So, the premise and plot synopsis of this novel suggests that Della’s mother, Ruby, who’s turned into a feral, screeching river monster and physically transforms every night, is the actual murderer of Natasha’s missing sister and a host of other girls who’ve gone missing in the woods. It certainly seems that way once her sister’s corpse is discovered, sliced up, in a place Ruby tends to visit when she escapes from the derelict building Della has attempted to imprison her in. Della ties herself in knots about the fact that she’s aiding and abetting a murderer, and the reader dreads the coming confrontation between Della and Natasha if and when the truth comes out. 

BUT, of course there’s a twist (because otherwise the plot synopsis would spoil the book, which fortunately hasn’t become a full-blown trend yet like it has with movie trailers). Turns out, Ruby has been trying to SAVE these girls from an evil man (of course) who came to The Bend to prey on its magic and continue his transformation into a horrific, rotting monster. She herself transformed into this river monster when she summoned the magic of the river (and all of The Bend) to protect herself and HER sister from this interloper. But his intrusion into the land twisted its magic, so the summoning warped her, her sister was murdered anyway, and her daughter stumbled on her in her monstrous form, dragging her sister’s corpse into the water. (It’s really no wonder Della thought her mother was a murderer.) 

Turns out, cop-averse Georgia was right all along, because the evil man had been moonlighting as a local park ranger this whole time–the very same park ranger who offered Natasha and her friends a ride toward the novel’s beginning. He likes killing women for the usual misogynist reasons (“you’re a weak, disgusting woman like all the rest…”), though the book takes pains to assure the reader that he’s not a rapist (“I would never. I don’t go in for that sort of thing,” instead musing evilly that ”Pain is a beautiful thing…”) I appreciate the way the novel steers away from this kind of sexual trauma, given the rest of the trauma the characters are dealing with, while still acknowledging that THAT would be the far more likely motivation and outcome. 

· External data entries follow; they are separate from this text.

(* Let $L\ge1$ be an integer. For Lebesgue-almost every $c\in\mathbb{C}^L$, the family of $L^2$ matrices $$\big\{(\pi(k,n)c)(\pi(k,n)c)^*\big\}_{(k,n)\in\mathbb{Z}_L\times\mathbb{Z}_L}\subseteq\mathbb{C}^{L\times L}$$ is linearly independent; that is, the diagonal pattern $\Lambda_{\mathrm{diag}}=\{((k,n),(k,n)):(k,n)\in\mathbb{Z}_L^2\}$ is permissible for almost every $c$.
   Context: On $\mathbb{C}^L$ (indices mod $L$): $T^kc[p]=c[p-k]$, $M^nc[p]=e^{2\pi inp/L}c[p]$, $\pi(k,n)=M^nT^k$. A set $\Lambda\subseteq(\mathbb{Z}_L^2)^2$ is a permissible pattern (for $c$) if the matrices $\{\pi(\lambda)c\,(\pi(\lambda')c)^*\}_{(\lambda,\lambda')\in\Lambda}$ are linearly independent. *)

From Stdlib Require Import Reals.
Open Scope R_scope.

Definition C : Type := (R * R)%type.
Definition C0 : C := (0, 0).
Definition Cadd (z w : C) : C := (fst z + fst w, snd z + snd w).
Definition Cmul (z w : C) : C :=
  (fst z * fst w - snd z * snd w, fst z * snd w + snd z * fst w).
Definition Cconj (z : C) : C := (fst z, - snd z).
Definition Cexpi (t : R) : C := (cos t, sin t).

Fixpoint Csum (n : nat) (f : nat -> C) : C :=
  match n with
  | O => C0
  | S m => Cadd (Csum m f) (f m)
  end.

(** Vectors in C^L are functions nat -> C, only the entries 0..L-1 matter;
    indices are taken mod L. *)
Definition cvec := nat -> C.

(** (T^k c)[p] = c[p - k mod L] *)
Definition Tshift (L k : nat) (c : cvec) : cvec :=
  fun p => c (((p mod L) + L - (k mod L)) mod L)%nat.

Definition Mmod (L n : nat) (c : cvec) : cvec :=
  fun p => Cmul (Cexpi (2 * PI * INR n * INR p / INR L)) (c p).

Definition tfshift (L k n : nat) (c : cvec) : cvec := Mmod L n (Tshift L k c).

Definition diag_permissible (L : nat) (c : cvec) : Prop :=
  forall a : nat -> nat -> C,
    (forall p q : nat, (p < L)%nat -> (q < L)%nat ->
       Csum L (fun k => Csum L (fun n =>
         Cmul (a k n) (Cmul (tfshift L k n c p) (Cconj (tfshift L k n c q)))))
       = C0) ->
    forall k n : nat, (k < L)%nat -> (n < L)%nat -> a k n = C0.
(* Let $G$ be a group acting by graph automorphisms on connected graphs $\Gamma_1$ and $\Gamma_2$, each with finitely many orbits of edges. Suppose there is a bijection $\beta: V(\Gamma_1)\to V(\Gamma_2)$ between the vertex sets such that $\beta(gv)=g\beta(v)$ for all $g\in G$ and $v\in V(\Gamma_1)$. Then $\Gamma_1$ and $\Gamma_2$ (with combinatorial metrics) are quasi-isometric.
   Context: Graphs are equipped with the combinatorial metric (each edge has length 1); they need not be locally finite. Metric spaces $M_1,M_2$ are quasi-isometric if there are $\lambda>0$, $c\ge0$, $\varepsilon\ge0$ and a map $\alpha:M_1\to M_2$ with $\frac1\lambda d(x,y)-c\le d(\alpha(x),\alpha(y))\le \lambda d(x,y)+c$ for all $x,y\in M_1$, and every point of $M_2$ within distance $\varepsilon$ of $\alpha(M_1)$. *)

From Stdlib Require Import Reals List.
Open Scope R_scope.

Definition is_group (G : Type) (mul : G -> G -> G) (one : G) (inv : G -> G) : Prop :=
  (forall a b c, mul a (mul b c) = mul (mul a b) c) /\
  (forall a, mul one a = a) /\ (forall a, mul a one = a) /\
  (forall a, mul (inv a) a = one) /\ (forall a, mul a (inv a) = one).

Definition is_graph (V : Type) (adj : V -> V -> Prop) : Prop :=
  (forall u v, adj u v -> adj v u) /\ (forall v, ~ adj v v).

Inductive walk {V : Type} (adj : V -> V -> Prop) : nat -> V -> V -> Prop :=
| walk0 : forall x, walk adj 0 x x
| walkS : forall n x y z, adj x y -> walk adj n y z -> walk adj (S n) x z.

Definition connected_graph {V : Type} (adj : V -> V -> Prop) : Prop :=
  forall x y, exists n, walk adj n x y.

Definition gdist {V : Type} (adj : V -> V -> Prop) (x y : V) (n : nat) : Prop :=
  walk adj n x y /\ (forall m, walk adj m x y -> (n <= m)%nat).

Definition acts_by_automorphisms (G V : Type) (mul : G -> G -> G) (one : G)
  (adj : V -> V -> Prop) (act : G -> V -> V) : Prop :=
  (forall v, act one v = v) /\
  (forall g h v, act (mul g h) v = act g (act h v)) /\
  (forall g u v, adj u v <-> adj (act g u) (act g v)).

Definition finitely_many_edge_orbits (G V : Type) (adj : V -> V -> Prop)
  (act : G -> V -> V) : Prop :=
  exists l : list (V * V),
    forall u v, adj u v -> exists e, In e l /\ exists g,
      (act g (fst e) = u /\ act g (snd e) = v) \/
      (act g (fst e) = v /\ act g (snd e) = u).

Definition graphs_quasi_isometric {V1 V2 : Type}
  (adj1 : V1 -> V1 -> Prop) (adj2 : V2 -> V2 -> Prop) : Prop :=
  exists (lam c eps : R) (alpha : V1 -> V2),
    lam > 0 /\ c >= 0 /\ eps >= 0 /\
    (forall x y n m, gdist adj1 x y n -> gdist adj2 (alpha x) (alpha y) m ->
       / lam * INR n - c <= INR m /\ INR m <= lam * INR n + c) /\
    (forall z, exists x n, gdist adj2 z (alpha x) n /\ INR n <= eps).

From Stdlib Require Import Reals List Lia Lra.

(* An equivariant map out of a graph with finitely many edge orbits stretches
   every edge by at most a uniform constant K: fix walks joining the images of
   the finitely many representative edges and translate them by the group.
   Hence it stretches walks of length n to walks of length at most K n.
   Applying this to beta and to its (again equivariant) inverse shows that
   beta is a bi-Lipschitz bijection, in particular a quasi-isometry. *)

Section Walks.

Context {V : Type} (adj : V -> V -> Prop).

Lemma walk_cat n m x y z :
  walk adj n x y -> walk adj m y z -> walk adj (n + m) x z.
Proof.
  induction 1 as [|n x y' y Hxy _ IH]; intros Hyz; simpl; auto.
  apply walkS with y'; auto.
Qed.

Lemma walk_rev n x y :
  (forall u v, adj u v -> adj v u) -> walk adj n x y -> walk adj n y x.
Proof.
  intros Hsym; induction 1 as [|n x y' y Hxy _ IH]; [constructor|].
  replace (S n) with (n + 1)%nat by lia.
  apply walk_cat with y'; auto.
  apply walkS with x; [auto | constructor].
Qed.

End Walks.

Section WalkMaps.

Context {V W : Type} (adjV : V -> V -> Prop) (adjW : W -> W -> Prop).

Lemma walk_map (h : V -> W) n x y :
  (forall u v, adjV u v -> adjW (h u) (h v)) ->
  walk adjV n x y -> walk adjW n (h x) (h y).
Proof.
  intros Hh; induction 1; [constructor | eapply walkS; eauto].
Qed.

Definition edge_lipschitz (f : V -> W) (K : nat) : Prop :=
  forall u v, adjV u v -> exists k, (k <= K)%nat /\ walk adjW k (f u) (f v).

Lemma walk_lipschitz (f : V -> W) K n x y :
  edge_lipschitz f K -> walk adjV n x y ->
  exists k, (k <= K * n)%nat /\ walk adjW k (f x) (f y).
Proof.
  intros HK; induction 1 as [x|n x y' y Hxy _ IH].
  - exists 0%nat; split; [lia | constructor].
  - destruct IH as [k [Hk Hw]]; destruct (HK _ _ Hxy) as [k' [Hk' Hw']].
    exists (k' + k)%nat; split; [nia |].
    apply (walk_cat adjW) with (f y'); auto.
Qed.

Lemma gdist_lipschitz (f : V -> W) K x y n m :
  edge_lipschitz f K -> gdist adjV x y n -> gdist adjW (f x) (f y) m ->
  (m <= K * n)%nat.
Proof.
  intros HK [Hn _] [_ Hmin].
  destruct (walk_lipschitz f K n x y HK Hn) as [k [Hk Hw]].
  specialize (Hmin k Hw); lia.
Qed.

End WalkMaps.

Lemma connected_walk_lengths_bounded (W : Type) (adj : W -> W -> Prop)
  (l : list (W * W)) :
  connected_graph adj ->
  exists K, forall e, In e l -> exists k, (k <= K)%nat /\ walk adj k (fst e) (snd e).
Proof.
  intros Hc; induction l as [|e l [K HK]].
  - exists 0%nat; intros e [].
  - destruct (Hc (fst e) (snd e)) as [n Hn].
    exists (n + K)%nat; intros e' [<- | He'].
    + exists n; split; [lia | auto].
    + destruct (HK e' He') as [k [Hk Hw]]; exists k; split; [lia | auto].
Qed.

Lemma equivariant_edge_lipschitz (G V W : Type) (adjV : V -> V -> Prop)
  (adjW : W -> W -> Prop) (actV : G -> V -> V) (actW : G -> W -> W) (f : V -> W) :
  (forall u v, adjW u v -> adjW v u) -> connected_graph adjW ->
  (forall g u v, adjW u v -> adjW (actW g u) (actW g v)) ->
  finitely_many_edge_orbits G V adjV actV ->
  (forall g v, f (actV g v) = actW g (f v)) ->
  exists K, edge_lipschitz adjV adjW f K.
Proof.
  intros Hsym Hc Hact [l Hl] Hf.
  destruct (connected_walk_lengths_bounded W adjW
              (map (fun e => (f (fst e), f (snd e))) l) Hc) as [K HK].
  exists K; intros u v Huv.
  destruct (Hl u v Huv) as [e [He [g Hg]]].
  destruct (HK _ (in_map _ _ _ He)) as [k [Hk Hw]]; simpl in Hw.
  exists k; split; [exact Hk |].
  apply (walk_map adjW adjW (actW g)) in Hw; [| apply Hact].
  destruct Hg as [[<- <-] | [<- <-]]; rewrite !Hf;
    [exact Hw | exact (walk_rev adjW _ _ _ Hsym Hw)].
Qed.

Lemma equivariant_inverse (G V W : Type) (actV : G -> V -> V) (actW : G -> W -> W)
  (f : V -> W) (f' : W -> V) :
  (forall v, f' (f v) = v) -> (forall w, f (f' w) = w) ->
  (forall g v, f (actV g v) = actW g (f v)) ->
  forall g w, f' (actW g w) = actV g (f' w).
Proof.
  intros Hf'f Hff' Hf g w.
  rewrite <- (Hff' w) at 1; rewrite <- Hf; apply Hf'f.
Qed.

Lemma lipschitz_bijection_quasi_isometric (V W : Type) (adjV : V -> V -> Prop)
  (adjW : W -> W -> Prop) (f : V -> W) (f' : W -> V) K K' :
  (forall v, f' (f v) = v) -> (forall w, f (f' w) = w) ->
  edge_lipschitz adjV adjW f K -> edge_lipschitz adjW adjV f' K' ->
  graphs_quasi_isometric adjV adjW.
Proof.
  intros Hf'f Hff' HK HK'.
  set (L := (K + K' + 1)%nat).
  assert (HL : 0 < INR L) by (apply lt_0_INR; unfold L; lia).
  exists (INR L), 0, 0, f.
  split; [lra |]; split; [lra |]; split; [lra |]; split.
  - intros x y n m Hn Hm.
    assert (Hmn : (m <= L * n)%nat)
      by (pose proof (gdist_lipschitz adjV adjW f K x y n m HK Hn Hm);
          unfold L; nia).
    rewrite <- (Hf'f x), <- (Hf'f y) in Hn.
    assert (Hnm : (n <= L * m)%nat)
      by (pose proof (gdist_lipschitz adjW adjV f' K' _ _ m n HK' Hm Hn);
          unfold L; nia).
    apply le_INR in Hmn, Hnm; rewrite mult_INR in Hmn, Hnm.
    split; [| lra].
    apply Rmult_le_reg_l with (INR L); [exact HL |].
    rewrite Rmult_minus_distr_l, <- Rmult_assoc, Rinv_r by lra; lra.
  - intros z; exists (f' z), 0%nat; rewrite Hff'.
    split; [split; [constructor | intros; lia] | simpl; lra].
Qed.

Theorem lemma3p1 (G : Type) (mul : G -> G -> G) (one : G) (inv : G -> G)
  (V1 V2 : Type) (adj1 : V1 -> V1 -> Prop) (adj2 : V2 -> V2 -> Prop)
  (act1 : G -> V1 -> V1) (act2 : G -> V2 -> V2) (beta : V1 -> V2) :
  is_group G mul one inv ->
  is_graph V1 adj1 -> is_graph V2 adj2 ->
  connected_graph adj1 -> connected_graph adj2 ->
  acts_by_automorphisms G V1 mul one adj1 act1 ->
  acts_by_automorphisms G V2 mul one adj2 act2 ->
  finitely_many_edge_orbits G V1 adj1 act1 ->
  finitely_many_edge_orbits G V2 adj2 act2 ->
  (exists beta_inv : V2 -> V1,
     (forall v, beta_inv (beta v) = v) /\ (forall w, beta (beta_inv w) = w)) ->
  (forall g v, beta (act1 g v) = act2 g (beta v)) ->
  graphs_quasi_isometric adj1 adj2.
Proof.
  intros _ [Hsym1 _] [Hsym2 _] Hc1 Hc2 [_ [_ Haut1]] [_ [_ Haut2]] Hfin1 Hfin2
         [beta' [Hbeta'beta Hbetabeta']] Hbeta.
  pose proof (equivariant_inverse G V1 V2 act1 act2 beta beta'
                Hbeta'beta Hbetabeta' Hbeta) as Hbeta'.
  destruct (equivariant_edge_lipschitz G V1 V2 adj1 adj2 act1 act2 beta Hsym2 Hc2
              (fun g u v => proj1 (Haut2 g u v)) Hfin1 Hbeta) as [K HK].
  destruct (equivariant_edge_lipschitz G V2 V1 adj2 adj1 act2 act1 beta' Hsym1 Hc1
              (fun g u v => proj1 (Haut1 g u v)) Hfin2 Hbeta') as [K' HK'].
  exact (lipschitz_bijection_quasi_isometric V1 V2 adj1 adj2 beta beta' K K'
           Hbeta'beta Hbetabeta' HK HK').
Qed.
Lemma eca152_bounded_diff k a b c d :
  zeros_within (S k) c -> zeros_within (S k) d -> agree_outside a b c d ->
  exists w, forall t, diff_within w (eca_iter 152 t c) (eca_iter 152 t d).
Proof.
  intros Hc Hd H. exists (b - a + 2 * Z.of_nat (S k)). intro t.
  destruct (le_lt_dec t (S k)) as [Ht|Ht].
  - eapply diff_within_le, diff_within_agree_outside, (agree_outside_iter 152 _ _ _ _ t H). lia.
  - (* after S k steps both iterates are sparse, hence shifted rigidly *)
    replace t with ((t - S k) + S k)%nat by lia. rewrite !eca_iter_add.
    pose proof (agree_outside_iter_sparse _ _ _ _ (t - S k)
                  (zeros_within_sparse_iter k c Hc) (zeros_within_sparse_iter k d Hd)
                  (agree_outside_iter 152 _ _ _ _ (S k) H)) as Hlate.
    eapply diff_within_le, diff_within_agree_outside, Hlate. lia.
Qed.

Lemma eca152_iter_const_true c :
  (forall i, c i = true) -> forall t i, eca_iter 152 t c i = true.
Proof.
  intros Hc t. induction t as [|t IH]; intro i; [apply Hc|].
  rewrite eca_iter_succ. now apply eca152_true_true.
Qed.

Lemma eca152_iter_rightmost_false c r :
  c r = false -> (forall i, r < i -> c i = true) ->
  forall t, eca_iter 152 t c r = false /\ (forall i, r < i -> eca_iter 152 t c i = true).
Proof.
  intros Hr Hright t. induction t as [|t [IHr IHright]]; [split; assumption|].
  rewrite !eca_iter_succ. split.
  - apply eca152_false_true; [exact IHr | apply IHright; lia].
  - intros i Hi. apply eca152_true_true; apply IHright; lia.
Qed.

Lemma eca152_iter_leftmost_false c l :
  c l = false -> (forall i, i < l -> c i = true) ->
  forall t, eca_iter 152 t c (l - Z.of_nat t) = false /\
            (forall i, i < l - Z.of_nat t -> eca_iter 152 t c i = true).
Proof.
  intros Hl Hleft t. induction t as [|t [IHl IHleft]].
  - simpl. replace (l - 0) with l by ring. split; assumption.
  - rewrite !eca_iter_succ. split.
    + apply eca152_true_false; [apply IHleft; lia|].
      now replace (l - Z.of_nat (S t) + 1) with (l - Z.of_nat t) by lia.
    + intros i Hi. apply eca152_true_true; apply IHleft; lia.
Qed.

In the end, it’s Natasha’s rage, Ruby’s strength, and the river’s power that combine to destroy the evil man. First, Natasha summons the river onto dry land to drown him: “Most of all I scream out the white-hot, searing rage that has been growing inside me for weeks.” When that’s not enough and he pulls a Michael-Myers and gets right back up, Della knows what to do next: “It’s time for Grange to die. The Bend made him, so the Bend will have to deal with him. There’s no other way. The police would never be a match for him. …in his human form, he’s a man the police trust and respect. There’s only one way to stop him. The river siren. Momma.”

And when Della asks her mother to help destroy Grange, Natasha witnesses Ruby’s response: “Ruby’s face breaks into a terrifying smile, but I’m not repulsed by it–it’s like an echo of my own heart. Like seeing my bloodlust reflected in a mirror…That’s what her grief and rage has made her: a feral thing, single-minded and deadly. I’m surprised to find I envy her.”

But, as established, Grange is a typical horror-movie monster, in that he can’t be killed so easily. Yet again, it falls to Natasha, this time summoning the full power and force of the river: 

“Tapping into this magic doesn’t make me slow like Della is when she grows things–it makes me feel wild, unbridled, hovering just on the edge of chaos. Infinitely powerful…I let the river’s rage and its power take over, until my own personal grief is just a pebble tumbling in its wake, until I cannot separate myself from the river.

Until I am the river…

I am death, I am vengeance, I am the river rising up to swallow the world.”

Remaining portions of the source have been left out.